DAVID AXELROD, CNN SENIOR POLITICAL COMMENTATOR: Great to see you.

CAMEROTA: Is there something that President Obama can do on the campaign trail that Joe Biden cannot do himself?

AXELROD: Well, I thought it was interesting that this is really his sort of coming out for the fall campaign. He's been relatively quiet and the first thing he did was to appear on "Pod Save America" which is not just -- it's not just a podcast, but it's really an organizing hub for young active activist Democrats. I think that is very important.

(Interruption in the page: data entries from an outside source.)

Definition chanH (lam Lx Ly a1 a2 : R) (Cc : C) (b1 b2 : R) : C :=
  (Cc * RtoC (sinc ((Lx / lam) * PI * (a1 - b1)) *
              sinc ((Ly / lam) * PI * (a2 - b2))))%C.

Definition mu (lam Lx Ly a1 a2 : R) (Cc : C) (P sigma2 : R) (b1 b2 : R) : R :=
  (Cmod (RtoC (sqrt P) * chanH lam Lx Ly a1 a2 Cc b1 b2)%C) ^ 2 + sigma2.

Definition sgn_of (b : bool) : R := if b then 1 else -1.

(* alpha^(1) (i = true, sign +) and alpha^(2) (i = false, sign -):
   b0 + v / (1 +- sqrt |(m0 - s2) / (m1 - s2)|) *)
Definition cand_plus (b0 v m0 m1 s2 : R) (i : bool) : R :=
  b0 + v / (1 + sgn_of i * sqrt (Rabs ((m0 - s2) / (m1 - s2)))).

(* alpha^(3) (j = true, sign +) and alpha^(4) (j = false, sign -):
   b0 - v / (1 +- sqrt |(m0 - s2) / (m1 - s2)|) *)
Definition cand_minus (b0 v m0 m1 s2 : R) (j : bool) : R :=
  b0 - v / (1 + sgn_of j * sqrt (Rabs ((m0 - s2) / (m1 - s2)))).

(** Up to the noise floor, [mu] is [P |C|^2 sinc^2(Kx pi (a1 - b1)) sinc^2(Ky pi (a2 - b2))], and
    since [sinc^2 y <= 1] with equality only at [y = 0], its unique maximizer on the square is the
    user direction [(a1, a2)].  It remains to see that the closest-pair midpoints recover [a1] and
    [a2].  Fix one coordinate and put [x = K pi (a - b0)], [c = K v pi].  As [K v] is an integer,
    [sin^2 (x -/+ c) = sin^2 x], so the two probes [b0 +/- v] only change the [1/y^2] factor of
    [sinc^2] and the measured square-rooted ratios are [|1 - t|] and [|1 + t|], with [t = c / x].
    Whatever the signs of [1 -/+ t], one candidate of each pair equals [b0 + v / t = a]; hence the
    closest pair has distance 0, and the equation it satisfies forces its common value to be [a]. *)
From Stdlib Require Import Reals Lra Psatz.
From Coquelicot Require Import Coquelicot.
Open Scope R_scope.

Lemma sinc_neq0 y : y <> 0 -> sinc y = sin y / y.
Proof. intro Hy. unfold sinc. destruct (Req_EM_T y 0); [contradiction | reflexivity]. Qed.

Lemma sinc0 : sinc 0 = 1.
Proof. unfold sinc. destruct (Req_EM_T 0 0); [reflexivity | congruence]. Qed.

Lemma sin_sq_add_nat_PI (n : nat) x : sin (x + INR n * PI) ^ 2 = sin x ^ 2.
Proof.
  induction n as [|n IH].
  - simpl INR. rewrite Rmult_0_l, Rplus_0_r. reflexivity.
  - rewrite S_INR.
    replace (x + (INR n + 1) * PI) with (x + INR n * PI + PI) by ring.
    rewrite neg_sin, <- IH. ring.
Qed.

Lemma sin_sq_sub_nat_PI (n : nat) x : sin (x - INR n * PI) ^ 2 = sin x ^ 2.
Proof.
  rewrite <- (sin_sq_add_nat_PI n (x - INR n * PI)).
  f_equal. f_equal. ring.
Qed.

Lemma Rabs_sin_lt y : y <> 0 -> Rabs (sin y) < Rabs y.
Proof.
  assert (Hpos : forall z, 0 < z -> Rabs (sin z) < z).
  { intros z Hz. pose proof (sin_lt_x z Hz). pose proof (SIN_bound z).
    pose proof PI2_1. pose proof PI2_Rlt_PI.
    apply Rabs_def1; [lra |].
    destruct (Rle_dec z 1); [pose proof (sin_gt_0 z Hz ltac:(lra)) |]; lra. }
  intro Hy. destruct (Rlt_dec 0 y) as [Hy0 | Hy0].
  - rewrite (Rabs_pos_eq y) by lra. now apply Hpos.
  - rewrite <- Rabs_Ropp, <- sin_neg, <- (Rabs_Ropp y), (Rabs_pos_eq (- y)) by lra.
    apply Hpos. lra.
Qed.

That was symbolic because his role is going to be to motivate young voters, to motivate people of color. We are in a mobilization phase of this campaign. Almost everyone in America has made up their minds if you look at these polls, very few persuadable voters.

So, now, it's a mobilization fight and I think that's what he's going to be doing and he has great value, particularly with those constituencies in terms of mobilizing vote.

BERMAN: I'm glad you brought that up because that hadn't occurred to me by going on "Pod Save America", "Pod Save America" isn't just like a regular radio show, they are spending money, raising money, trying to get people out there. You know Barack Obama, former President Obama, as well as anybody.

What are his strengths but also, David, his weaknesses in terms of campaigning for others?

AXELROD: Look, I heard because I'm a listener of your show, I heard you speaking about this earlier. You know, you say, well, he is more effective for himself than he is for others -- well, he is like a politician of his generation, right? I mean, he is the politician of his generation.

So it's easier to campaign for Barack Obama than it is for other candidates because Barack Obama is sort of sui generis. But in terms of this, the thing I just spoke about, I think his strength is very clear. I don't really think -- I don't think you can assign to him the defeats of others because he campaigned for them and they still lost, but he demonstrably has the ability to excite younger voters, to bring minority voters out.

But, you know, on that question, John, in 2016 he went out and campaigned for Hillary Clinton, the minority turnout was low. I don't think that's going to be the case here. I think communities of color are very motivated.

BERMAN: I got in trouble with David.

CAMEROTA: I don't think Axe likes your analysis.

BERMAN: I know, I got in -- I got in trouble with David, but that's okay. That's okay.

CAMEROTA: OK. Let's talk money since you brought up Hillary Clinton. Let's compare what Joe Biden has made in September to what Hillary Clinton had.

AXELROD: Yeah.

CAMEROTA: Joe Biden just brought in $383 million. That was in September alone. Cash on hand $432 million.

Compare that to what Hillary Clinton had in September of that year and it was half of that. I think it was 154, I think, million.

So, I mean, I'm no mathematician, but that seems like Joe Biden's is better.

AXELROD: Yeah. Well, I think more than the sort of gaudy nature of it, it is -- it's meaningful because what you see now is Joe Biden expanding the map and competing in places like Georgia and Ohio and even Texas and, you know, it is -- I've been at this a long time. It is unimaginable to me that you have an incumbent Republican president who is at such a deficit in terms of resources, because we've seen Donald Trump.